▶ **Assigned task**
Up to and including the line with "by apply/(sat_max_digit (Ordinal ih));", restate the material below word for word, beginning with its first line.

▶ **Exercise materials**
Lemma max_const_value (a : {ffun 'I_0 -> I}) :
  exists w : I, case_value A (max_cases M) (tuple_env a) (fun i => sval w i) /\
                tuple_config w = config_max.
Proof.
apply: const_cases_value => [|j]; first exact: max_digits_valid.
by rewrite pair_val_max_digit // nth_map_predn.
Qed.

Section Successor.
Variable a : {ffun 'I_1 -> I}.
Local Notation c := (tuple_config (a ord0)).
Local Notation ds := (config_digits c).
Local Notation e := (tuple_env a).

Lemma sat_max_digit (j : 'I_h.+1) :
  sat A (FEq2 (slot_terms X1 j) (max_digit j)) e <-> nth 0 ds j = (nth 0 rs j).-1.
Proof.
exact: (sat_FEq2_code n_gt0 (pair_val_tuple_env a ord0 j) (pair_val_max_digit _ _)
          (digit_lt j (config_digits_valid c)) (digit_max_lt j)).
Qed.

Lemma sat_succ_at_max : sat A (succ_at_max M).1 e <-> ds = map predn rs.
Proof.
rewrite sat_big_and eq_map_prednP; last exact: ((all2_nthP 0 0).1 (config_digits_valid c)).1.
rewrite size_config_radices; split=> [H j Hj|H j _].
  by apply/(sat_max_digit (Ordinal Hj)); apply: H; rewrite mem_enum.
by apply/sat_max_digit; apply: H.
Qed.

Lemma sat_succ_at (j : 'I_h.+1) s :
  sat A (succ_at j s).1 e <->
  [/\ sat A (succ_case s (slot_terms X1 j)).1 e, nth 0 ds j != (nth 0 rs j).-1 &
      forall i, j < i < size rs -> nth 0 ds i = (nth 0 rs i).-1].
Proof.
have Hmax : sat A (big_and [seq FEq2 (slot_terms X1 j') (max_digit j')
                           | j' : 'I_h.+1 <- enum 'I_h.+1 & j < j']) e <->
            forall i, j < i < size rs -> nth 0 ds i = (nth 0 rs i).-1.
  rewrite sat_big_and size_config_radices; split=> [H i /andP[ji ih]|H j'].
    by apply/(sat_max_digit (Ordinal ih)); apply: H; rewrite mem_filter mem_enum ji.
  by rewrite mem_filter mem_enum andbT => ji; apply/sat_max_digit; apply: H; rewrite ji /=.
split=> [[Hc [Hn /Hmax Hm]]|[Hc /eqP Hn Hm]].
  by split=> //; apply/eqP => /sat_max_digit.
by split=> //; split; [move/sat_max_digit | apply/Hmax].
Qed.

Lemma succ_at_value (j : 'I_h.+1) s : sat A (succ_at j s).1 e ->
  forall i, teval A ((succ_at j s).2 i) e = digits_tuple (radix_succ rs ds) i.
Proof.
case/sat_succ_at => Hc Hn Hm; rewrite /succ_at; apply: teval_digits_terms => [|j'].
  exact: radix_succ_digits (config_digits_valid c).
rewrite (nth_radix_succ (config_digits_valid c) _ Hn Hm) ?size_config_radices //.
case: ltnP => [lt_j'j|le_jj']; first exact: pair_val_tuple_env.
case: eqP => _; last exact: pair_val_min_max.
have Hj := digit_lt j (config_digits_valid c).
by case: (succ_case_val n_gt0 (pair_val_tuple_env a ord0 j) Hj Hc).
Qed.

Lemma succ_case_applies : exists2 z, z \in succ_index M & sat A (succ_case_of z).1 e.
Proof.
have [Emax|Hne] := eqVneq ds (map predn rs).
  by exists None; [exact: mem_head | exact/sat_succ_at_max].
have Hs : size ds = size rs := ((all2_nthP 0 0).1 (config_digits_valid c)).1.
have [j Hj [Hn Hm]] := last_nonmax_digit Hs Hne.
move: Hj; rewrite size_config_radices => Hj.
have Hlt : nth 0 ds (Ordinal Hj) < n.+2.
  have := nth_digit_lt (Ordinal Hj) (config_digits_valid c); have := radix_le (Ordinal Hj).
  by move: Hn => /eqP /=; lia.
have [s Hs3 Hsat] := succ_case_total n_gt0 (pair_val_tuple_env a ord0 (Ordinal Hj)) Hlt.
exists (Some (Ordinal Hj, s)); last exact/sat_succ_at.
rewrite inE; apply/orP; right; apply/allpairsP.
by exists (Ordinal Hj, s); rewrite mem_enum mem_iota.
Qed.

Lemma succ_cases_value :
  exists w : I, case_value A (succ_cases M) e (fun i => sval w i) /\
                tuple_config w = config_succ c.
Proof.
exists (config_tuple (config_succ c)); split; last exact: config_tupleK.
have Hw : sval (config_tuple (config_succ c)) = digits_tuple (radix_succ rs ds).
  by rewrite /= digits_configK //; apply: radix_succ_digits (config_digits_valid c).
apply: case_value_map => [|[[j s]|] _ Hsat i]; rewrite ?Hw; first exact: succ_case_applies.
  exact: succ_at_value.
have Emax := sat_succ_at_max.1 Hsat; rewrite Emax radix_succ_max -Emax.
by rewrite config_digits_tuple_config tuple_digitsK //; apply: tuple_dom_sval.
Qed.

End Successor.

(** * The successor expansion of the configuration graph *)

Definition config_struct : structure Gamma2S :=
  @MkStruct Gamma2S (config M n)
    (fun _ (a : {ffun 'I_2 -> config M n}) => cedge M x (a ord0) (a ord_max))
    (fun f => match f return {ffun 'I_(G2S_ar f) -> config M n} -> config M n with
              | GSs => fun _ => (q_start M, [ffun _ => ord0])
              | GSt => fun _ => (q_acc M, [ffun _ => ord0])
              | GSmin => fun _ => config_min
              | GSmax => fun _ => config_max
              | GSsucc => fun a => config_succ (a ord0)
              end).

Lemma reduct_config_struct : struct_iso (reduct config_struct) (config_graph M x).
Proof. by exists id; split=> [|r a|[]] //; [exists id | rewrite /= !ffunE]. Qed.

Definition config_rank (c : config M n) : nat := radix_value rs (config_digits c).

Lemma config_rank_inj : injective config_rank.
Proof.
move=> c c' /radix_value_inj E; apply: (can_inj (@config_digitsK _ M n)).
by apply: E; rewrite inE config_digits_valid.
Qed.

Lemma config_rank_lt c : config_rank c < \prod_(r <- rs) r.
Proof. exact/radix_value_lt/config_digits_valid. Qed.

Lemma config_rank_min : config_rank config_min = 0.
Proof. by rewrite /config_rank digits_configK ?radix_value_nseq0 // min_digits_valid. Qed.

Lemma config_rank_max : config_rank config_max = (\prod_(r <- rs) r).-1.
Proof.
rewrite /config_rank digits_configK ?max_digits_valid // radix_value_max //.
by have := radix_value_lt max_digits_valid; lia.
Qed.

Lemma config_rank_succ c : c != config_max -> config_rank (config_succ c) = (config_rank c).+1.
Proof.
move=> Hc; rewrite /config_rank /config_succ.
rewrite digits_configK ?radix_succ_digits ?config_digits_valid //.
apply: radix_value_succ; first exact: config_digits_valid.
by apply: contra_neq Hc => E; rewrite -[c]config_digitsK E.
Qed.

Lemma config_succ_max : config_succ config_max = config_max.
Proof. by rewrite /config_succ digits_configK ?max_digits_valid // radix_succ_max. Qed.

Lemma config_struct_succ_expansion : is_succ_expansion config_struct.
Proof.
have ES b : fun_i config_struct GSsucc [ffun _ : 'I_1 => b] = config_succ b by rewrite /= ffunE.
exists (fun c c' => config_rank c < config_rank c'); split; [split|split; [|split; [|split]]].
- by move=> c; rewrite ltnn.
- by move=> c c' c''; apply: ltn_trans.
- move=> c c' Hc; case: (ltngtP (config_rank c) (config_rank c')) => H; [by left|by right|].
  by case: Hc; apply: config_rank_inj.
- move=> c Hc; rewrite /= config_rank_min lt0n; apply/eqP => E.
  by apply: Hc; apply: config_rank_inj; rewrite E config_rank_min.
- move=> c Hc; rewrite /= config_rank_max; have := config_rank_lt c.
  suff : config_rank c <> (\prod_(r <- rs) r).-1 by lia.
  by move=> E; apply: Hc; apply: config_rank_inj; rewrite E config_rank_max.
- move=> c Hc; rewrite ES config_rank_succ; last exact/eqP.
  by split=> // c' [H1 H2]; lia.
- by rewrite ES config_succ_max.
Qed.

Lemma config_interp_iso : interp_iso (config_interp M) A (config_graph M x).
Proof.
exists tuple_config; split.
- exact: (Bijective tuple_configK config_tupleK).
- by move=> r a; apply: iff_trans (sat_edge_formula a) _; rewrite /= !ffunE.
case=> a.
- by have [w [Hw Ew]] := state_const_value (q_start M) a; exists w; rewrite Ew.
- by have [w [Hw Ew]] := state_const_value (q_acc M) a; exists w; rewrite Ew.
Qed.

▶ **Output of the exercise**
Lemma max_const_value (a : {ffun 'I_0 -> I}) :
  exists w : I, case_value A (max_cases M) (tuple_env a) (fun i => sval w i) /\
                tuple_config w = config_max.
Proof.
apply: const_cases_value => [|j]; first exact: max_digits_valid.
by rewrite pair_val_max_digit // nth_map_predn.
Qed.

Section Successor.
Variable a : {ffun 'I_1 -> I}.
Local Notation c := (tuple_config (a ord0)).
Local Notation ds := (config_digits c).
Local Notation e := (tuple_env a).

Lemma sat_max_digit (j : 'I_h.+1) :
  sat A (FEq2 (slot_terms X1 j) (max_digit j)) e <-> nth 0 ds j = (nth 0 rs j).-1.
Proof.
exact: (sat_FEq2_code n_gt0 (pair_val_tuple_env a ord0 j) (pair_val_max_digit _ _)
          (digit_lt j (config_digits_valid c)) (digit_max_lt j)).
Qed.

Lemma sat_succ_at_max : sat A (succ_at_max M).1 e <-> ds = map predn rs.
Proof.
rewrite sat_big_and eq_map_prednP; last exact: ((all2_nthP 0 0).1 (config_digits_valid c)).1.
rewrite size_config_radices; split=> [H j Hj|H j _].
  by apply/(sat_max_digit (Ordinal Hj)); apply: H; rewrite mem_enum.
by apply/sat_max_digit; apply: H.
Qed.

Lemma sat_succ_at (j : 'I_h.+1) s :
  sat A (succ_at j s).1 e <->
  [/\ sat A (succ_case s (slot_terms X1 j)).1 e, nth 0 ds j != (nth 0 rs j).-1 &
      forall i, j < i < size rs -> nth 0 ds i = (nth 0 rs i).-1].
Proof.
have Hmax : sat A (big_and [seq FEq2 (slot_terms X1 j') (max_digit j')
                           | j' : 'I_h.+1 <- enum 'I_h.+1 & j < j']) e <->
            forall i, j < i < size rs -> nth 0 ds i = (nth 0 rs i).-1.
  rewrite sat_big_and size_config_radices; split=> [H i /andP[ji ih]|H j'].
    by apply/(sat_max_digit (Ordinal ih)); apply: H; rewrite mem_filter mem_enum ji.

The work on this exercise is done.